Single drug could be an alternative option for long-term management of HIV

19 Feb 2024

Long-term follow-up results from the PIVOT clinical trial confirm that treating HIV with a single protease inhibitor instead of the standard three drugs does not make the virus more likely to develop drug-resistance, when combined with close monitoring and re-introduction of combination therapy if required. The strategy is as effective as triple-drug combination therapy at preserving future drug options, according to the study published last week in eClinical Medicine.

Currently, people living with HIV usually take a combination of two or three antiretroviral therapy (ART) drugs. These drugs seem to be very effective and do not cause many side effects in the short term. However, because they are taken for life, they may be associated with side effects and toxicity after many years. Taking just one drug daily instead of three may be safer and easier for people living with HIV, while also reducing costs to healthcare systems.

Researchers previously thought that three drugs, usually from at least two different drug classes, were needed to stop the HIV developing drug-resistance, leading to treatment failure. However, protease inhibitors are a class of drugs with a high genetic barrier to resistance, making them a good candidate for monotherapy.

PIVOT is a clinical trial led by the MRC Clinical Trials Unit at UCL. The trial aimed to determine if protease inhibitor monotherapy is as effective in the long term as standard combination therapy at preserving future treatment options. If a participant’s virus became resistant to at least one new drug since entering the trial, researchers considered them to have lost future drug options.

PIVOT included 587 adults living with HIV in the UK, who had already maintained low levels of virus (below the detection limit of clinical tests) for at least 24 weeks by taking combination therapy. Researchers randomly assigned participants to either continue standard combination therapy, or switch to a single protease inhibitor. The team closely monitored virus levels in the participants’ blood, and quickly switched those taking protease inhibitor monotherapy back to combination therapy if their virus levels rebounded.

Researchers followed PIVOT participants for a median of eight years. At the end of follow-up, only six participants in the single-drug protease inhibitor group had lost one or more drug options, compared with eight participants in the combination therapy group.

Only in one participant in the monotherapy group did their virus become resistant to the protease inhibitor they were taking, atazanavir.
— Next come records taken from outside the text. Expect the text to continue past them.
From HB Require Import structures.
From mathcomp Require Import all_boot all_order all_algebra.
From mathcomp Require Import all_classical all_reals all_analysis.
From mathcomp Require Import ring lra.
Import Order.TTheory GRing.Theory Num.Theory.
Import numFieldNormedType.Exports.
Local Open Scope classical_set_scope.
Local Open Scope ring_scope.

(* Write [phi = N / D] with [N = (1 - |z|) ^ (1 / q theta) <= 1] and
   [D = |1 - |z| r e^(i (t - theta))|]; it suffices to bound
   [|p t - p theta| * (- ln D)] by a constant.  Let [delta] be the distance
   from [t - theta] to [2 pi Z].  Since [D >= |sin (t - theta)| / 2 >= delta cos 1 / 2],
   [- ln D <= ln (2 / cos 1) + ln (1 / delta)], while log-Hoelder continuity and
   periodicity give [|p t - p theta| <= 2 C_log / ln (1 / delta)] when
   [delta <= 1/4], so the product is bounded.  When [delta >= 1/4], [D] is at least
   [1 - cos (1/4)] and [p] has bounded oscillation (chain steps of length 1/4). *)

Section trigonometry.
Context {R : realType}.
Implicit Types b d u : R.

Lemma sin2piB d : sin (2 * pi - d) = - sin d.
Proof. by rewrite addrC mulr_natl sinD2pi sinN. Qed.

Lemma cos2piB d : cos (2 * pi - d) = cos d.
Proof. by rewrite addrC mulr_natl cosD2pi cosN. Qed.

(* Mean value theorem, with [cos] decreasing on [0, 1]. *)
Lemma sin_ge_mul_cos1 b : 0 <= b <= 1 -> b * cos 1 <= sin b.
Proof.
move=> /andP[b0 b1]; have [->|b_neq0] := eqVneq b 0; first by rewrite mul0r sin0.
have b_gt0 : 0 < b by rewrite lt_neqAle eq_sym b_neq0.
have [c] : exists2 c, c \in `]0, b[ & sin b - sin 0 = cos c * (b - 0).
  apply: MVT => //; apply: continuous_subspaceT => x; exact: continuous_sin.
rewrite in_itv /= sin0 !subr0 => /andP[c0 cb] ->; rewrite mulrC ler_wpM2r //.
have := pi_ge2 R => pi2; apply: ltW; rewrite ltr_cos ?in_itv /=; lra.
Qed.

Lemma cos_le_cos_away d u : 0 <= d <= pi -> d <= u <= 2 * pi - d -> cos u <= cos d.
Proof.
move=> /andP[d0 dpi] /andP[du ud]; have [upi|piu] := leP u pi.
  by rewrite leNgt ltr_cos ?in_itv /= -?leNgt; lra.
by rewrite -cos2piB leNgt ltr_cos ?in_itv /= -?leNgt; lra.
Qed.

Lemma ln_2_div_cos1_ge0 : 0 <= ln (2 / cos 1 : R).
Proof.
by rewrite ln_ge0 // ler_pdivlMr ?cos1_gt0 // mul1r; have := cos_le1 (1 : R); lra.
Qed.

Lemma cos_quarter_lt1 : 0 <= cos (4^-1 : R) < 1.
Proof.
have := pi_ge2 R => pi2; rewrite cos_ge0_pihalf /=; last lra.
by rewrite -[X in _ < X]cos0 ltr_cos ?in_itv /=; lra.
Qed.

End trigonometry.

Section abs_one_minus_exp.
Context {R : realType}.
Implicit Types a al k u d e C : R.

Lemma abs_one_minus_exp_ge_re a al : `|1 - a * cos al| <= abs_one_minus_exp a al.
Proof. by rewrite -sqrtr_sqr ler_sqrt ?addr_ge0 ?sqr_ge0 // lerDl sqr_ge0. Qed.

Lemma abs_one_minus_exp_ge_im a al : `|a * sin al| <= abs_one_minus_exp a al.
Proof. by rewrite -sqrtr_sqr ler_sqrt ?addr_ge0 ?sqr_ge0 // lerDr sqr_ge0. Qed.

Lemma abs_one_minus_expN a al : abs_one_minus_exp a (- al) = abs_one_minus_exp a al.
Proof. by rewrite /abs_one_minus_exp cosN sinN mulrN sqrrN. Qed.

Lemma abs_one_minus_exp_ge_cos a al k :
  0 <= a <= 1 -> cos al <= k -> 0 <= k -> 1 - k <= abs_one_minus_exp a al.
Proof.
move=> /andP[a0 a1] cosk k0; apply: le_trans (abs_one_minus_exp_ge_re a al).
by apply: le_trans (ler_norm _); nra.
Qed.

Lemma abs_one_minus_exp_ge_subr a al : 0 <= a -> 1 - a <= abs_one_minus_exp a al.
Proof.
move=> a0; apply: le_trans (abs_one_minus_exp_ge_re a al) => /=.
by apply: le_trans (ler_norm _); have := cos_le1 al; nra.
Qed.

Lemma abs_one_minus_exp_gt0 a al : 0 <= a < 1 -> 0 < abs_one_minus_exp a al.
Proof.
move=> /andP[a0 a1]; apply: (lt_le_trans _ (abs_one_minus_exp_ge_subr a al a0)).
by rewrite subr_gt0.
Qed.

Lemma abs_one_minus_exp_ge_sin a al : 0 <= a < 1 -> `|sin al| / 2 <= abs_one_minus_exp a al.
Proof.
move=> /andP[a0 a1]; have := sin_max al; have [a_lt|a_ge] := ltP a 2^-1 => sin1.
  by apply: le_trans (abs_one_minus_exp_ge_subr a al a0); lra.
apply: le_trans (abs_one_minus_exp_ge_im a al).
by rewrite normrM (ger0_norm a0); have := normr_ge0 (sin al); nra.
Qed.

Lemma neg_ln_abs_one_minus_exp_le a u d : 0 <= a < 1 -> 0 < d <= 1 ->
  d * cos 1 <= `|sin u| -> - ln (abs_one_minus_exp a u) <= ln (2 / cos 1) + ln d^-1.
Proof.
move=> a01 /andP[d0 d1] dsin; have c1 := cos1_gt0 R.
have dc_gt0 : 0 < d * cos 1 / 2 by rewrite divr_gt0 ?mulr_gt0.
have dcD : d * cos 1 / 2 <= abs_one_minus_exp a u.
  by apply: le_trans (abs_one_minus_exp_ge_sin _ u a01); rewrite ler_pM2r.
have -> : ln (2 / cos 1) + ln d^-1 = - ln (d * cos 1 / 2).
  rewrite -lnM ?posrE ?divr_gt0 ?invr_gt0 // -lnV ?posrE //.
  by congr ln; field; rewrite ?gt_eqF.
by rewrite lerN2 ler_ln ?posrE // abs_one_minus_exp_gt0.
Qed.

Lemma mul_neg_ln_abs_one_minus_exp_le a u d e C : 0 <= a < 1 -> 0 < d <= 4^-1 ->
  d * cos 1 <= `|sin u| -> 0 <= e <= C / ln d^-1 ->
  e * - ln (abs_one_minus_exp a u) <= C * (ln (2 / cos 1) / ln 4 + 1).
Proof.
move=> a01 /andP[d0 d4] dsin /andP[e0 eC].
have ln4_gt0 : 0 < ln 4 :> R by rewrite ln_gt0 // ltr1n.
have ln4_le : ln 4 <= ln d^-1 by rewrite ler_ln ?posrE ?invr_gt0 // -[4]invrK lef_pV2 ?posrE.
have L0 : 0 < ln d^-1 := lt_le_trans ln4_gt0 ln4_le.
have A0 := @ln_2_div_cos1_ge0 R.
have C0 : 0 <= C by move: (le_trans e0 eC); rewrite pmulr_lge0 ?invr_gt0.
apply: le_trans (_ : e * (ln (2 / cos 1) + ln d^-1) <= _).
  by rewrite ler_wpM2l // neg_ln_abs_one_minus_exp_le // d0 /=; lra.
apply: le_trans (ler_wpM2r (addr_ge0 A0 (ltW L0)) eC) _.
have -> : C / ln d^-1 * (ln (2 / cos 1) + ln d^-1) = C * (ln (2 / cos 1) / ln d^-1 + 1).
  by field; rewrite gt_eqF.
by rewrite ler_wpM2l // lerD2r ler_wpM2l // lef_pV2 ?posrE.
Qed.

Lemma mul_neg_ln_abs_one_minus_exp_away a u e P : 0 <= a < 1 ->
  4^-1 <= u <= 2 * pi - 4^-1 -> 0 <= e <= P ->
  e * - ln (abs_one_minus_exp a u) <= P * - ln (1 - cos 4^-1).
Proof.
move=> /andP[a0 a1] u_away /andP[e0 eP]; have := pi_ge2 R => pi2.
have /andP[cq0 cq1] := (@cos_quarter_lt1 R).
have cos_u : cos u <= cos 4^-1 by apply: cos_le_cos_away => //; lra.
have D_ge : 1 - cos 4^-1 <= abs_one_minus_exp a u.
  by apply: abs_one_minus_exp_ge_cos => //; rewrite a0 ltW.
apply: le_trans (ler_wpM2r _ eP); last by rewrite oppr_ge0 ln_le0 //; lra.
by rewrite ler_wpM2l ?(le_trans e0 eP) // lerN2 ler_ln ?posrE ?subr_gt0 //;
  apply: lt_le_trans D_ge; rewrite subr_gt0.
Qed.

End abs_one_minus_exp.

Section log_holder.
Context {R : realType} {p : R -> R} {Cl : R}.
Hypothesis Cl_gt0 : 0 < Cl.
Hypothesis p_log_holder : forall x y : R,
  (`[0, 2 * pi]%classic x) -> (`[0, 2 * pi]%classic y) ->
  0 < `|x - y| < 2^-1 -> `|p x - p y| <= Cl / ln (`|x - y|)^-1.

Lemma log_holder_le x y d : 0 <= x <= 2 * pi -> 0 <= y <= 2 * pi ->
  `|x - y| <= d -> 0 < d <= 4^-1 -> `|p x - p y| <= Cl / ln d^-1.
Proof.
move=> xI yI xyd /andP[d0 d4].
have ln_inv_gt0 (t : R) : 0 < t <= 4^-1 -> 0 < ln t^-1.
  by move=> /andP[t0 t4]; rewrite ln_gt0 // invf_gt1 //; lra.
have [->|x_neq_y] := eqVneq x y.
  by rewrite subrr normr0 divr_ge0 ?ltW ?ln_inv_gt0 ?d0.
have xy0 : 0 < `|x - y| by rewrite normr_gt0 subr_eq0.
apply: le_trans (p_log_holder _ _ _ _ _) _; rewrite /= ?in_itv ?xI ?yI ?xy0 //=; first lra.
rewrite ler_pM2l // lef_pV2 ?posrE ?ln_inv_gt0 ?d0 ?xy0 //=; try lra.
by rewrite ler_ln ?posrE ?invr_gt0 // lef_pV2 ?posrE.
Qed.

Lemma log_holder_dist0_le n x : 0 <= x <= 2 * pi -> x <= n%:R / 4 ->
  `|p x - p 0| <= n%:R * (Cl / ln 4).
Proof.
have pi_ge0 : 0 <= 2 * pi :> R by have := pi_ge2 R; lra.
have quarter_step y z : 0 <= y <= 2 * pi -> 0 <= z <= 2 * pi -> `|y - z| <= 4^-1 ->
    `|p y - p z| <= Cl / ln 4.
  by move=> yI zI yz; rewrite -[X in ln X]invrK log_holder_le //; lra.
elim: n x => [|n IHn] x xI xn.
  have -> : x = 0 by move: xI xn; rewrite mul0r; lra.
  by rewrite subrr normr0 mul0r.
have [x_le|x_gt] := leP x 4^-1.
  apply: le_trans (quarter_step _ _ xI _ _) _; rewrite ?subr0 ?ger0_norm; try lra.
  by rewrite ler_peMl ?ler1n ?divr_ge0 ?ltW ?ln_gt0 ?ltr1n.
have yI : 0 <= x - 4^-1 <= 2 * pi by lra.
have := IHn _ yI; rewrite -natr1 in xn *; have := quarter_step _ _ xI yI.
rewrite opprB addrC subrK ger0_norm; last lra.
move=> /(_ (lexx _)) step /(_ ltac:(lra)); rewrite mulrDl mul1r.
by have := ler_normD (p x - p (x - 4^-1)) (p (x - 4^-1) - p 0); rewrite addrA subrK; lra.
Qed.

Lemma log_holder_oscillation_bounded :
  exists P, forall x y, 0 <= x <= 2 * pi -> 0 <= y <= 2 * pi -> `|p x - p y| <= P.
Proof.
exists (64%:R * (Cl / ln 4)) => x y xI yI.
have pi4 : pi < 4 :> R by have := pihalf_lt2 R; lra.
have bound z : 0 <= z <= 2 * pi -> `|p z - p 0| <= 32%:R * (Cl / ln 4).
  by move=> zI; apply: log_holder_dist0_le => //; rewrite [32%:R]/=; lra.
have := bound _ xI; have := bound _ yI; rewrite distrC.
have := ler_normD (p x - p 0) (p 0 - p y); rewrite addrA subrK.
have -> : 64%:R = 32%:R + 32%:R :> R by rewrite -natrD.
lra.
Qed.

Hypothesis p_2pi : p (2 * pi) = p 0.

Let kappa : R := ln (2 / cos 1) / ln 4 + 1.

Let kappa_ge0 : 0 <= kappa.
Proof. by rewrite /kappa addr_ge0 ?divr_ge0 ?ln_2_div_cos1_ge0 ?ln_ge0 ?ler1n. Qed.

Lemma log_holder_mul_neg_ln_near x y a : 0 <= y -> x <= 2 * pi -> 0 < x - y <= 4^-1 ->
  0 <= a < 1 -> `|p x - p y| * - ln (abs_one_minus_exp a (x - y)) <= Cl * kappa.
Proof.
move=> y0 x2pi /andP[u0 u4] a01; have := pi_ge2 R => pi2.
apply: (mul_neg_ln_abs_one_minus_exp_le a _ (x - y)) => //; first by rewrite u0.
  apply: le_trans (ler_norm _); apply: sin_ge_mul_cos1; lra.
by rewrite normr_ge0 log_holder_le ?ger0_norm ?u0 //; lra.
Qed.

Lemma log_holder_mul_neg_ln_far x y a : 0 <= y -> x <= 2 * pi ->
  2 * pi - 4^-1 <= x - y <= 2 * pi -> 0 <= a < 1 ->
  `|p x - p y| * - ln (abs_one_minus_exp a (x - y)) <= 2 * Cl * kappa.
Proof.
move=> y0 x2pi /andP[du ud] a01; have := pi_ge2 R => pi2.
set d := 2 * pi - (x - y).
have [d_eq0|d_neq0] := eqVneq d 0.
  have [-> ->] : x = 2 * pi /\ y = 0 by move/eqP: d_eq0; rewrite /d; split; lra.
  by rewrite p_2pi subrr normr0 mul0r mulr_ge0 ?mulr_ge0 ?(ltW Cl_gt0).
have d_gt0 : 0 < d by rewrite lt_neqAle eq_sym d_neq0 /d; lra.
have -> : x - y = 2 * pi - d by rewrite /d; lra.
apply: (mul_neg_ln_abs_one_minus_exp_le a _ d) => //; first by rewrite d_gt0 /d; lra.
  rewrite sin2piB normrN; apply: le_trans (ler_norm _); apply: sin_ge_mul_cos1.
  by rewrite /d; lra.
rewrite normr_ge0 /=.
have -> : p x - p y = (p x - p (2 * pi)) + (p 0 - p y) by rewrite p_2pi; ring.
have h2pi : `|p x - p (2 * pi)| <= Cl / ln d^-1.
  by rewrite log_holder_le ?d_gt0 1?distrC ?ger0_norm /d /=; lra.
have h0 : `|p 0 - p y| <= Cl / ln d^-1.
  by rewrite log_holder_le ?d_gt0 ?sub0r ?normrN ?ger0_norm /d /=; lra.
by have := ler_normD (p x - p (2 * pi)) (p 0 - p y); rewrite -mulrA; lra.
Qed.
On the other hand, the virus developed resistance in six participants in the combination therapy group to drugs they took during the trial.

It was rare for any PIVOT participants to develop serious medical issues, including AIDS, serious non-AIDS complications, and death. These events occurred slightly more frequently in the monotherapy group, but the difference between groups was not statistically significant.

The findings show that protease inhibitor monotherapy, with regular monitoring and prompt reintroduction of combination therapy if virus levels rebound, could be an effective alternative treatment strategy for long-term management of HIV. These long-term follow-up results confirm earlier findings from the PIVOT trial, which were reported in 2016 after 44 months of follow-up.

This strategy could be integrated as part of a patient-centred approach to simplifying HIV treatment in those who are already virally suppressed, which may appeal to patients experiencing side effects or toxicity from other drug classes. However, the possibility of a small extra risk of serious illness or death in those taking protease inhibitor monotherapy cannot be excluded.